The study aimed to provide a systematic review and analysis of previously reported studies investigating the association between the bacterial microbiome and the incidence of preterm premature rupture of membranes (PPROM).

2. Materials and Methods

2.1. Study Design

The present study followed the Preferred Reporting Items for Systematic Reviews and Meta-Analyses (PRISMA) guidelines, adherence to these guidelines is further documented in Supplementary Table S1 [16]. Prior to commencing the investigation, the research protocol underwent approval by all authors and was subsequently registered in the PROSPERO registry (International Prospective Registry of Systematic Reviews) under the assigned registration number CRD42023463362.

2.2. Search Strategy

Articles deemed potentially eligible were independently assessed by two reviewers (M.P. and S.F.). In case of discrepancy, further discussion was conducted, and the third reviewer was consulted (N.Z.-L.). Comprehensive research was conducted across many databases via 1 March 2023, encompassing PubMed, Web of Science, Embase, and the Cochrane Library. Additionally, Google Scholar was searched and used as a supplementary electronic repository. The researchers used a combination of the following keywords: “microbiota” OR “microbiome” OR “microfilm” OR “microflora” OR “microorganism” OR “High-Throughput Nucleotide Sequencing” OR NGS OR “next-generation sequencing” OR “metagenomic” OR “16S RNA” AND “premature rupture of membranes” OR “preterm premature rupture of membranes” OR “preterm prelabour rupture of membranes” OR PROM OR PPROM. The reference lists of the studies that were included in the analysis were carefully examined to identify potentially relevant publications. In order to avoid redundancy, only the most recent or comprehensive reports authored by the same individuals were included in the analysis. In addition, the reference lists of included articles and systematic reviews were examined for potentially relevant papers. The references were imported into Mendeley (version 1.19.8), and any duplicate entries were subsequently eliminated.

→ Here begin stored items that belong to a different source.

Lemma pibar_integrable_ln_mix a : simplex a ->
  pibar_integrable (fun z => ln (mix a z)).
Proof.
move=> sa.
have mln : measurable_fun setT (fun z => ln (mix a z)).
  exact: measurableT_comp (measurable_mix a).
have bound z : qpos z -> `|ln (mix a z)| <= \sum_(k < D) `|lnq k z|.
  exact: norm_ln_mix_le.
exact (pibar_integrable_le pibar_full_qpos mln pibar_integrable_lnq_bound bound).
Qed.

Lemma pibar_integrable_resp a k : (forall i, 0 <= a i) ->
  pibar_integrable (resp a k).
Proof.
move=> a0; apply: (pibar_integrable_le pibar_full_qpos (measurable_resp a k)
  (pibar_integrable_cst 1)).
by move=> z _; rewrite ger0_norm ?resp_le1 ?resp_ge0.
Qed.

Lemma Fmap_ge0 a k : (forall i, 0 <= a i) -> 0 <= Fmap mu pi q a k.
Proof.
move=> a0; apply: (Epi_ge0 pibar_full_qpos (measurable_resp a k)) => z _.
exact: resp_ge0.
Qed.

Lemma Fmap_eq0 a k : a k = 0 -> Fmap mu pi q a k = 0.
Proof.
move=> ak; rewrite -[RHS](Epi_cst 0); congr Epi.
by apply/funext => z; rewrite /resp ak !mul0r.
Qed.

Lemma Fmap_sum a : simplex a -> \sum_(k < D) Fmap mu pi q a k = 1.
Proof.
move=> sa; have a0 i := simplex_ge0 i sa.
rewrite -(Epi_sum _ (fun k => pibar_integrable_resp k a0)) -[RHS](Epi_cst 1).
apply: (Epi_eq pibar_full_qpos); [|exact: measurable_cst|by move=> z; exact: sum_resp].
by apply: measurable_sum => k; exact: measurable_resp.
Qed.

Lemma simplex_Fmap a : simplex a -> simplex (Fmap mu pi q a).
Proof. by move=> sa; split; [move=> k; apply: Fmap_ge0; case: sa|exact: Fmap_sum]. Qed.

(* [ln (resp a k) = ln (a k) + lnq k - ln (mix a)] is integrable, so Jensen applies. *)
Lemma Fmap_gt0 a k : simplex a -> 0 < a k -> 0 < Fmap mu pi q a k.
Proof.
move=> sa ak; have a0 i := simplex_ge0 i sa.
apply: lt_le_trans (expR_gt0 _) (expR_Epi_ln_le pibar_full_qpos
  (pibar_integrable_resp k a0) (_ : pibar_integrable
    (fun z => ln (a k) + lnq k z - ln (mix a z))) _).
  apply: pibar_integrableB (pibar_integrable_ln_mix sa).
  exact: pibar_integrableD (pibar_integrable_cst _) (pibar_integrable_lnq k).
move=> z qz; have mz := mix_gt0 sa qz; have qk := qz k.
split; first by rewrite divr_gt0 ?mulr_gt0.
by rewrite ln_div ?lnM ?posrE ?mulr_gt0.
Qed.

(* [ln y <= y - 1] at [y = (resp a k z / resp b k z) * (Fmap b k / Fmap a k)],
   multiplied by [resp b k z]. *)
Lemma resp_ln_mix_ratio_le a b k z : simplex a -> (forall i, 0 < a i) ->
  simplex b -> qpos z ->
  resp b k z * (ln (mix b z) - ln (mix a z)) <=
  (ln (b k) + ln (Fmap mu pi q a k) - ln (a k) - ln (Fmap mu pi q b k)) * resp b k z
  + Fmap mu pi q b k / Fmap mu pi q a k * resp a k z - resp b k z.
Proof.
move=> sa apos sb qz.
have [bk0|bk_neq0] := eqVneq (b k) 0.
  have rb0 : resp b k z = 0 by rewrite /resp bk0 !mul0r.
  by rewrite rb0 (Fmap_eq0 bk0); lra.
have bk : 0 < b k by rewrite lt_def bk_neq0 (simplex_ge0 k sb).
set a' := Fmap mu pi q a k; set b' := Fmap mu pi q b k.
have a'_gt0 : 0 < a' := Fmap_gt0 sa (apos k).
have b'_gt0 : 0 < b' := Fmap_gt0 sb bk.
have mb := mix_gt0 sb qz; have ma := mix_gt0 sa qz; have qk := qz k; have ak := apos k.
pose y := mix b z / mix a z * (a k / b k) * (b' / a').
have y_gt0 : 0 < y by rewrite !mulr_gt0 ?invr_gt0.
have lny : ln y = ln (mix b z) - ln (mix a z) - (ln (b k) + ln a' - ln (a k) - ln b').
  by rewrite !lnM ?lnV ?posrE ?mulr_gt0 ?invr_gt0//; ring.
have ry : resp b k z * y = b' / a' * resp a k z.
  by rewrite /y /resp; field; rewrite !gt_eqF.
have := ler_wpM2l (resp_ge0 k z (fun i => simplex_ge0 i sb)) (ln_le_subr1 y_gt0).
rewrite lny [X in _ <= X]mulrBr ry mulr1; lra.
Qed.

Lemma calE_sub_le a b : simplex a -> (forall k, 0 < a k) -> simplex b ->
  calE mu pi q b - calE mu pi q a <=
  \sum_(k < D) Fmap mu pi q b k * (ln (Fmap mu pi q a k) - ln (a k)).
Proof.
move=> sa apos sb; have a0 i := simplex_ge0 i sa; have b0 i := simplex_ge0 i sb.
pose K k := ln (b k) + ln (Fmap mu pi q a k) - ln (a k) - ln (Fmap mu pi q b k).
pose f k z := K k * resp b k z + Fmap mu pi q b k / Fmap mu pi q a k * resp a k z
  - resp b k z.
have f_int k : pibar_integrable (f k).
  apply: pibar_integrableB (pibar_integrable_resp k b0).
  by apply: pibar_integrableD; apply: pibar_integrableZ; exact: pibar_integrable_resp.
have Ef k : Epi (f k) = K k * Fmap mu pi q b k.
  rewrite EpiB ?EpiD ?EpiZ -?FmapE; try by do ?[apply: pibar_integrableD|
    apply: pibar_integrableZ|apply: pibar_integrable_resp].
  by rewrite divfK ?addrK// gt_eqF// Fmap_gt0.
have : calE mu pi q b - calE mu pi q a <= Epi (fun z => \sum_(k < D) f k z).
  rewrite !calEE -EpiB; try exact: pibar_integrable_ln_mix.
  apply: (Epi_le pibar_full_qpos); last 1 first.
  - move=> z qz; rewrite -[X in X <= _]mul1r -(sum_resp sb qz) mulr_suml.
    by apply: ler_sum => k _; exact: resp_ln_mix_ratio_le.
  - exact: pibar_integrableB (pibar_integrable_ln_mix sb) (pibar_integrable_ln_mix sa).
  - exact: pibar_integrable_sum.
move/le_trans; apply; rewrite Epi_sum// (eq_bigr _ (fun k _ => Ef k)).
have -> : \sum_(k < D) K k * Fmap mu pi q b k =
    \sum_(k < D) Fmap mu pi q b k * (ln (Fmap mu pi q a k) - ln (a k)) +
    \sum_(k < D) Fmap mu pi q b k * (ln (b k) - ln (Fmap mu pi q b k)).
  by rewrite -big_split; apply: eq_bigr => k _ /=; rewrite /K; ring.
rewrite gerDl; apply: gibbs_le0 => //; first exact: simplex_Fmap.
by move=> k /Fmap_eq0.
Qed.

Lemma calE_cvg (b : nat -> 'I_D -> R) c : (forall n, simplex (b n)) -> simplex c ->
  (forall k, b n k @[n --> \oo] --> c k) ->
  calE mu pi q (b n) @[n --> \oo] --> calE mu pi q c.
Proof.
move=> sb sc bc.
pose f n z := (pi2 z * ln (mix (b n) z))%:E.
pose g z := (pi2 z * \sum_(k < D) `|lnq k z|)%:E.
have mf n : measurable_fun setT (f n).
  by apply: measurable_pi2M; exact: measurableT_comp (measurable_mix _).
have mfc : measurable_fun setT (fun z => (pi2 z * ln (mix c z))%:E).
  by apply: measurable_pi2M; exact: measurableT_comp (measurable_mix _).
have [_ ig] := pibar_integrable_lnq_bound.
have f_cvg : \forall z \ae m, setT z ->
    f ^~ z @ \oo --> (pi2 z * ln (mix c z))%:E.
  apply: filterS pibar_full_qpos => z [qz|pz0] _; last first.
    have -> : f ^~ z = cst (pi2 z * ln (mix c z))%:E.
      by apply/funext => n; rewrite /f pz0 !mul0r.
    exact: cvg_cst.
  apply: cvg_EFin; first exact: nearW.
  apply: cvgMl_tmp; apply: (continuous_cvg _ (continuous_ln (mix_gt0 sc qz))).
  by apply: (cvg_big add_continuous) => // k _; apply: cvgMr_tmp; exact: bc.
have f_le_g : \forall z \ae m, forall n, setT z -> (`|f n z| <= g z)%E.
  apply: filterS pibar_full_qpos => z [qz|pz0] n _; last first.
    by rewrite /f /g pz0 !mul0r abse0.
  rewrite /f /g abse_EFin lee_fin normrM (ger0_norm (pi2_ge0 z)).
  by rewrite ler_wpM2l ?pi2_ge0 ?norm_ln_mix_le.
have [_ _ cvg_int] := dominated_convergence measurableT mf mfc f_cvg ig f_le_g.
have : Epibar mu pi (fun z => (ln (mix (b n) z))%:E) @[n --> \oo] -->
    (calE mu pi q c)%:E.
  rewrite /calE fineK; last exact/Epibar_fin_num/pibar_integrable_ln_mix.
  by rewrite EpibarE; under eq_cvg do rewrite EpibarE.
by move/fine_cvg.
Qed.

Lemma calE_em_cvg (a : nat -> 'I_D -> R) amax :
  simplex amax -> (forall b, simplex b -> calE mu pi q b <= calE mu pi q amax) ->
  (forall n, simplex (a n)) -> (forall n k, 0 < a n k) ->
  (forall n, a n.+1 = Fmap mu pi q (a n)) ->
  calE mu pi q (a n) @[n --> \oo] --> calE mu pi q amax.
Proof.
move=> samax hmax sa apos aS.
pose Phi b := \sum_(k < D) Fmap mu pi q amax k * ln (b k).
pose gap n := calE mu pi q amax - calE mu pi q (a n).
have gap_ge0 n : 0 <= gap n by rewrite subr_ge0 hmax.
have gap_le n : gap n <= Phi (a n.+1) - Phi (a n).
  apply: le_trans (calE_sub_le (sa n) (apos n) samax) _.
  by rewrite aS /Phi -sumrB; apply: ler_sum => k _; rewrite mulrBr.
have Phi_le0 n : Phi (a n) <= 0.
  apply: sumr_le0 => k _; apply: mulr_ge0_le0.
    by apply: Fmap_ge0 => i; exact: simplex_ge0 i samax.
  exact: ln_le0 (simplex_le1 k (sa n)).
suff -> : (fun n => calE mu pi q (a n)) = (fun n => calE mu pi q amax - gap n).
  rewrite -[X in _ --> X]subr0; apply: cvgB; first exact: cvg_cst.
  exact: cvg0_le_increments gap_ge0 gap_le Phi_le0.
by apply/funext => n; rewrite /gap opprB addrC subrK.
Qed.

End em_map.

End pibar_expectation.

2.3. Inclusion and Exclusion Criteria

Our analysis included studies that investigated the association between various microbial species in the vaginal microflora and the incidence of PPROM. Eligible studies were required to meet the following inclusion criteria: a study comparing different microbiological spaces in pregnant women with PPROM to a control without PPROM. Studies that matched the following criteria for exclusion were not included: (1) studies not yielding the specified outcome; (2) studies without a comparable cohort; (3) studies not published in English; (4) articles where PPROM was not confirmed or not appropriately diagnosed; and (5) editorials, conference papers, reviews, and letters to the editor.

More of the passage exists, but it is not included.